Lemma in_L_ordered A k : in_L A k -> exists ts, [/\ size ts = k, perm_eq A (flatten ts)
  & forall u, u \in ts -> atom u /\ \prod_(x <- u) x = 1].
Proof.
move=> [fs [<- [atoms_fs A_fs]]].
suff [ts [size_ts fs_ts ord_ts]] : exists ts, [/\ size ts = size fs,
    perm_eq (flatten fs) (flatten ts) & forall u, u \in ts -> atom u /\ \prod_(x <- u) x = 1].
  by exists ts; rewrite (perm_trans A_fs).
elim: fs atoms_fs {A_fs} => [|U fs IH] atoms_fs; first by exists [::].
have [|ts [size_ts fs_ts ord_ts]] := IH.
  by move=> V V_fs; apply: atoms_fs; rewrite inE V_fs orbT.
have atom_U := atoms_fs U (mem_head _ _).
have [t [Ut prod_t]] := atom_U.1.
exists (t :: ts); split; rewrite /= ?size_ts ?perm_cat //.
move=> u; rewrite inE => /orP [/eqP -> | /ord_ts //].
by split=> //; apply: atom_perm Ut atom_U.
Qed.

End Factorizations.

Section Merging.

Variable gT : finGroupType.
Implicit Types (R U W : seq gT) (ts zs : seq (seq gT)) (h : gT).

Lemma in_L_split h1 h2 R j : propertyP gT -> in_L (h1 * h2 :: R) j ->
  in_L [:: h1, h2 & R] j \/ in_L [:: h1, h2 & R] j.+1.
Proof.
move=> hP [fs [<- [atoms_fs R_fs]]].
have [W W_fs h12_W] : exists2 W, W \in fs & h1 * h2 \in W.
  by apply/flattenP; rewrite -(perm_mem R_fs) mem_head.
have W_rem := perm_to_rem h12_W.
have R_split : perm_eq ([:: h1, h2 & rem (h1 * h2) W] ++ flatten (rem W fs)) [:: h1, h2 & R].
  rewrite /= !perm_cons -(perm_cons (h1 * h2)) perm_sym (perm_trans R_fs) //.
  by rewrite (perm_trans (perm_flatten (perm_to_rem W_fs))) //= -cat_cons perm_cat2r.
have L_rest : in_L (flatten (rem W fs)) (size (rem W fs)).
  by apply: in_L_atoms => U /mem_rem; apply: atoms_fs.
have size_rest : (size (rem W fs)).+1 = size fs.
  by rewrite size_rem // prednK //; case: (fs) W_fs.
have [atom_split | [V [V' [atom_V [atom_V' split_VV']]]]] :=
  hP W _ _ h1 h2 (atoms_fs W W_fs) W_rem erefl.
  left; rewrite -size_rest; apply: in_L_perm R_split _.
  exact: (in_L_cat (in_L_atom atom_split) L_rest).
right; rewrite -size_rest; apply: in_L_perm R_split _.
apply: (in_L_cat (k := 2)) L_rest; rewrite perm_sym in split_VV'.
exact: in_L_perm split_VV' (in_L_cat (in_L_atom atom_V) (in_L_atom atom_V')).
Qed.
----
* YOUR OBJECTIVE: What lines of the material above include "exact"? Copy each one.

* RESULT FOR THIS EXERCISE:
  exact: (in_L_cat (in_L_atom atom_split) L_rest).
exact: in_L_perm split_VV' (in_L_cat (in_L_atom atom_V) (in_L_atom atom_V')).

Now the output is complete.